Edwards followed up, noting that means, by definition, it will be the next administration doing most of the plan-approving.

“I think that’s right,” King said. “But our hope is that one of the goals in this conversation is that folks have to start now thinking about what are those accountability indicators, what are those interventions. That’s not a conversation that should wait until after [our] regulatory process is done.”

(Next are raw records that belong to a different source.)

Lemma Im_fcoef_reflect_even (g : R -> R) (n : Z) :
  (forall z, continuous g z) -> (forall z, g (2 * PI - z) = g z) ->
  Im (fcoef g n) = 0.
Proof.
  intros hc heven; unfold fcoef, Im; simpl.
  rewrite RInt_reflect_odd; [ring | |].
  - apply ex_RInt_mult_continuous; [exact hc |].
    intros z; apply continuous_sin_comp, continuous_IZR_mul.
  - intros z; rewrite Rplus_0_l, heven, sin_IZR_mul_2PI_minus; ring.
Qed.

Lemma Re_fcoef_reflect_odd (g : R -> R) (n : Z) :
  (forall z, continuous g z) -> (forall z, g (2 * PI - z) = - g z) ->
  Re (fcoef g n) = 0.
Proof.
  intros hc hodd; unfold fcoef, Re; simpl.
  rewrite RInt_reflect_odd; [ring | |].
  - apply ex_RInt_mult_continuous; [exact hc |].
    intros z; apply continuous_cos_comp, continuous_IZR_mul.
  - intros z; rewrite Rplus_0_l, hodd, cos_IZR_mul_2PI_minus; ring.
Qed.

Definition conjF (f : Z -> C) : Z -> C := fun n => Cconj (f n).

Lemma conjF_involutive (f : Z -> C) : conjF (conjF f) = f.
Proof. apply functional_extensionality; intros n; apply Cconj_conj. Qed.

Lemma Copp_conj_involutive (z : C) : (- Cconj (- Cconj z))%C = z.
Proof. rewrite Copp_conj, Cconj_conj; ring. Qed.

Lemma Cconj_RtoC (r : R) : Cconj (RtoC r) = RtoC r.
Proof. unfold Cconj, RtoC; simpl; f_equal; ring. Qed.

Lemma sumZ_conj (s : Z -> C) : Cconj (sumZ s) = sumZ (conjF s).
Proof. unfold sumZ, conjF, Cconj, Re, Im; simpl; rewrite !Series_opp; f_equal; ring. Qed.

Lemma sumZ_opp (s : Z -> C) : sumZ (fun m => - s m)%C = (- sumZ s)%C.
Proof. unfold sumZ, Copp, Re, Im; simpl; rewrite !Series_opp; f_equal; ring. Qed.

Lemma mulF_opp (g : R -> R) (f : Z -> C) (n : Z) :
  mulF g (fun m => - f m)%C n = (- mulF g f n)%C.
Proof.
  unfold mulF; rewrite <- sumZ_opp; f_equal.
  apply functional_extensionality; intros m; ring.
Qed.

Lemma conj_mulF_real (g : R -> R) (f : Z -> C) (n : Z) :
  (forall j, Im (fcoef g j) = 0) -> Cconj (mulF g f n) = mulF g (conjF f) n.
Proof.
  intros hreal; unfold mulF; rewrite sumZ_conj; f_equal.
  apply functional_extensionality; intros m; unfold conjF.
  rewrite Cmult_conj; f_equal.
  specialize (hreal (n - m)%Z); destruct (fcoef g (n - m)%Z) as [x y].
  unfold Im in hreal; simpl in hreal; subst.
  unfold Cconj; simpl; f_equal; ring.
Qed.

Lemma conj_mulF_imag (g : R -> R) (f : Z -> C) (n : Z) :
  (forall j, Re (fcoef g j) = 0) -> Cconj (mulF g f n) = (- mulF g (conjF f) n)%C.
Proof.
  intros himag; unfold mulF; rewrite sumZ_conj, <- sumZ_opp; f_equal.
  apply functional_extensionality; intros m; unfold conjF.
  rewrite Cmult_conj.
  specialize (himag (n - m)%Z); destruct (fcoef g (n - m)%Z) as [x y].
  unfold Re in himag; simpl in himag; subst.
  replace (Cconj (0, y)) with (- (0, y))%C by (unfold Cconj, Copp; simpl; f_equal; ring).
  ring.
Qed.

Lemma conj_Dsym (tau : R) (m : Z) : Cconj (Dsym tau m) = (- Dsym tau m)%C.
Proof. unfold Cconj, Dsym, Copp; simpl; f_equal; ring. Qed.

Lemma conj_div_Dsym (x : C) (tau : R) (m : Z) :
  Cconj (x / Dsym tau m) = (- (Cconj x / Dsym tau m))%C.
Proof.
  assert (hinv : Cconj (/ Dsym tau m) = (- / Dsym tau m)%C)
    by (unfold Cconj, Dsym, Copp, Cinv; simpl; f_equal; unfold Rdiv; ring).
  unfold Cdiv; rewrite Cmult_conj, hinv; ring.
Qed.

Lemma Hop_conj (k rho phi : R) (w : R -> R) (c gamma tau : R) (f : Z -> C) (n : Z) :
  (forall j, Im (fcoef w j) = 0) ->
  (forall j, Im (fcoef (fun z => (w z ^ 2)%R) j) = 0) ->
  (forall j, Re (fcoef (Derive w) j) = 0) ->
  Cconj (Hop k rho phi w c gamma tau f n) =
  (- Hop k rho phi w c gamma tau (conjF f) n)%C.
Proof.
  intros hw hw2 hdw; unfold Hop; cbv zeta.
  rewrite !Cminus_conj, !Cplus_conj, !Cmult_conj, !Cconj_RtoC, conj_Dsym, conj_div_Dsym.
  rewrite (conj_mulF_real w f n hw), (conj_mulF_real _ f n hw2), (conj_mulF_imag _ _ n hdw).
  replace (conjF (fun m => f m / Dsym tau m)%C)
    with (fun m => - (conjF f m / Dsym tau m))%C
    by (apply functional_extensionality; intros m; symmetry; apply conj_div_Dsym).
  rewrite mulF_opp.
  replace (Cconj (0, (3 * phi * gamma)%R)) with (- (0, (3 * phi * gamma)%R))%C
    by (unfold Cconj, Copp; simpl; f_equal; ring).
  unfold conjF; ring.
Qed.

Lemma in_l2_Cmod_ext (f g : Z -> C) :
  (forall n, Cmod (f n) = Cmod (g n)) -> in_l2 f <-> in_l2 g.
Proof.
  intros hmod; unfold in_l2.
  replace (fun n => Cmod (f n) ^ 2) with (fun n => Cmod (g n) ^ 2); [tauto |].
  apply functional_extensionality; intros n; now rewrite hmod.
Qed.

Lemma l2norm_Cmod_ext (f g : Z -> C) :
  (forall n, Cmod (f n) = Cmod (g n)) -> l2norm f = l2norm g.
Proof.
  intros hmod; unfold l2norm; f_equal; f_equal.
  apply functional_extensionality; intros n; now rewrite hmod.
Qed.

Lemma in_H3_Cmod_ext (f g : Z -> C) :
  (forall n, Cmod (f n) = Cmod (g n)) -> in_H3 f <-> in_H3 g.
Proof.
  intros hmod; unfold in_H3.
  replace (fun n => (1 + IZR n ^ 2) ^ 3 * Cmod (f n) ^ 2)
    with (fun n => (1 + IZR n ^ 2) ^ 3 * Cmod (g n) ^ 2); [tauto |].
  apply functional_extensionality; intros n; now rewrite hmod.
Qed.

Lemma Cmod_opp_conj (z : C) : Cmod (- Cconj z)%C = Cmod z.
Proof. now rewrite Cmod_opp, Cmod_conj. Qed.

Section ConjugationReflection.

Variable H : (Z -> C) -> (Z -> C).
Hypothesis H_conj : forall f n, Cconj (H f n) = (- H (conjF f) n)%C.

Lemma conjF_solves (f g : Z -> C) (mu : C) :
  (forall n, (H f n - mu * f n)%C = g n) ->
  forall n, (H (conjF f) n - (- Cconj mu) * conjF f n)%C = (- Cconj (g n))%C.
Proof. intros E n; rewrite <- E, Cminus_conj, Cmult_conj, H_conj; unfold conjF; ring. Qed.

Those answers track closely with what King said at his Senate confirmation hearing last month. The full Senate is expected to vote on King’s nomination Monday—he’s likely to be confirmed.

Performance Tests

King said there’s a lot of potential in moving beyond “fill in the bubble” tests and toward performance tasks, something New Hampshire has already started doing. In fact, he spoke about performance tests Friday morning with Linda Darling Hammond, an education researcher at Stanford University and the founder of the Learning Policy Institute.

But, King encouraged states and districts to think carefully about how these new tests will align with their curriculum goals and instructional approach.

“People say, ‘We want to do what New Hampshire has done because they are doing this work on performance-based assessment,’ but they have been at that for years, working closely with teachers and principals to put that work together,” King said. (Andrew wrote about Granite State’s work on performance tasks here.)

Oh, and King pronounces the name of the new law as “ESS-UH,” not “EE-SUH,” or “E.S.S.A.” or “Every Student.” So that seems like the final word on that.

BONUS: King was on CBS’s “Late Night with Stephen Colbert” last week, talking about the non-profit Donors Choose, which helps pay for teacher-developed projects in classrooms across the country

So what was that like, Edwards asked?

“The most important thing for my 12-year-old was that [actress] Anna Kendrick was also on,” King said. “My daughter was very precise. I needed to meet Anna Kendrick and tell her how much my daughter appreciated her, admired her, wants to be like her. And so I waited to meet Anna Kendrick. Mission accomplished.”